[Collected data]
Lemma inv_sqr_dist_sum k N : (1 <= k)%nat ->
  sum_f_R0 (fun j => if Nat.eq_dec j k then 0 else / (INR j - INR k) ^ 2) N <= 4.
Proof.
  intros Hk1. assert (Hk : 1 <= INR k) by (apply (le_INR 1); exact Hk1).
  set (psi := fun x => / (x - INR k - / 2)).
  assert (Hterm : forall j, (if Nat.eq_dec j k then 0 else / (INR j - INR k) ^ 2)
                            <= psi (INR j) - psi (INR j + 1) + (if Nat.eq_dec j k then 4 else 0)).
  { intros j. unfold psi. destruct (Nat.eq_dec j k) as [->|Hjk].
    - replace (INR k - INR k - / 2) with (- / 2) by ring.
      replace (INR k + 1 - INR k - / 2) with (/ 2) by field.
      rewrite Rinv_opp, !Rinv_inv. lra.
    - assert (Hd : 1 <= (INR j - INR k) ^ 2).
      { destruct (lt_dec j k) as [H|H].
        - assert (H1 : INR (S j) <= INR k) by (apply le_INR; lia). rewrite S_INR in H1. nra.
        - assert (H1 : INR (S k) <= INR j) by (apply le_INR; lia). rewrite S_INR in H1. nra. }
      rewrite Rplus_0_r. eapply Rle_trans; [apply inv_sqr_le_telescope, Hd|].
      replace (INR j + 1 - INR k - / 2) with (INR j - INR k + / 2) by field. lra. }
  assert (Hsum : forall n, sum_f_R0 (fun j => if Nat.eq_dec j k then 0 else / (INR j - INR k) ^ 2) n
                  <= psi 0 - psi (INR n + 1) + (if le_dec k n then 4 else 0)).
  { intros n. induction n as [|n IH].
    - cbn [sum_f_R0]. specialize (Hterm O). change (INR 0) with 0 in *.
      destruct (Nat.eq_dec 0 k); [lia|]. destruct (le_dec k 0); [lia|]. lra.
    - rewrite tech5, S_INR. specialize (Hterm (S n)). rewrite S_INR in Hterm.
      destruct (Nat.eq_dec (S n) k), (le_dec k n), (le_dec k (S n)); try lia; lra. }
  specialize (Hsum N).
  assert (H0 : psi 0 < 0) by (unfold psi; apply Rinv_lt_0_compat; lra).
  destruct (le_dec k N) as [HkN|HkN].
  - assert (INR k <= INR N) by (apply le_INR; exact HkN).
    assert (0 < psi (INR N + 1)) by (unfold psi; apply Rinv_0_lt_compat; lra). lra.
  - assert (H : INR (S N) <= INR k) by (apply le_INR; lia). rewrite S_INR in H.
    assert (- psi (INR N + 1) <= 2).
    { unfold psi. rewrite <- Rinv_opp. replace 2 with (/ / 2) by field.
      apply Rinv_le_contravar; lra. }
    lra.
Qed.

• **About this exercise**
Set down each record above without changing a single word.

• **Solution**
Lemma inv_sqr_dist_sum k N : (1 <= k)%nat ->
  sum_f_R0 (fun j => if Nat.eq_dec j k then 0 else / (INR j - INR k) ^ 2) N <= 4.
Proof.
  intros Hk1. assert (Hk : 1 <= INR k) by (apply (le_INR 1); exact Hk1).
  set (psi := fun x => / (x - INR k - / 2)).
  assert (Hterm : forall j, (if Nat.eq_dec j k then 0 else / (INR j - INR k) ^ 2)
                            <= psi (INR j) - psi (INR j + 1) + (if Nat.eq_dec j k then 4 else 0)).
  { intros j. unfold psi. destruct (Nat.eq_dec j k) as [->|Hjk].
    - replace (INR k - INR k - / 2) with (- / 2) by ring.
      replace (INR k + 1 - INR k - / 2) with (/ 2) by field.
      rewrite Rinv_opp, !Rinv_inv. lra.
    - assert (Hd : 1 <= (INR j - INR k) ^ 2).
      { destruct (lt_dec j k) as [H|H].
        - assert (H1 : INR (S j) <= INR k) by (apply le_INR; lia). rewrite S_INR in H1. nra.
        - assert (H1 : INR (S k) <= INR j) by (apply le_INR; lia). rewrite S_INR in H1. nra. }
      rewrite Rplus_0_r. eapply Rle_trans; [apply inv_sqr_le_telescope, Hd|].
      replace (INR j + 1 - INR k - / 2) with (INR j - INR k + / 2) by field. lra. }
  assert (Hsum : forall n, sum_f_R0 (fun j => if Nat.eq_dec j k then 0 else / (INR j - INR k) ^ 2) n
                  <= psi 0 - psi (INR n + 1) + (if le_dec k n then 4 else 0)).
  { intros n. induction n as [|n IH].
    - cbn [sum_f_R0]. specialize (Hterm O). change (INR 0) with 0 in *.
      destruct (Nat.eq_dec 0 k); [lia|]. destruct (le_dec k 0); [lia|]. lra.
    - rewrite tech5, S_INR. specialize (Hterm (S n)). rewrite S_INR in Hterm.
      destruct (Nat.eq_dec (S n) k), (le_dec k n), (le_dec k (S n)); try lia; lra. }
  specialize (Hsum N).
  assert (H0 : psi 0 < 0) by (unfold psi; apply Rinv_lt_0_compat; lra).
  destruct (le_dec k N) as [HkN|HkN].
  - assert (INR k <= INR N) by (apply le_INR; exact HkN).
    assert (0 < psi (INR N + 1)) by (unfold psi; apply Rinv_0_lt_compat; lra). lra.
  - assert (H : INR (S N) <= INR k) by (apply le_INR; lia). rewrite S_INR in H.
    assert (- psi (INR N + 1) <= 2).
    { unfold psi. rewrite <- Rinv_opp. replace 2 with (/ / 2) by field.
      apply Rinv_le_contravar; lra. }
    lra.
Qed.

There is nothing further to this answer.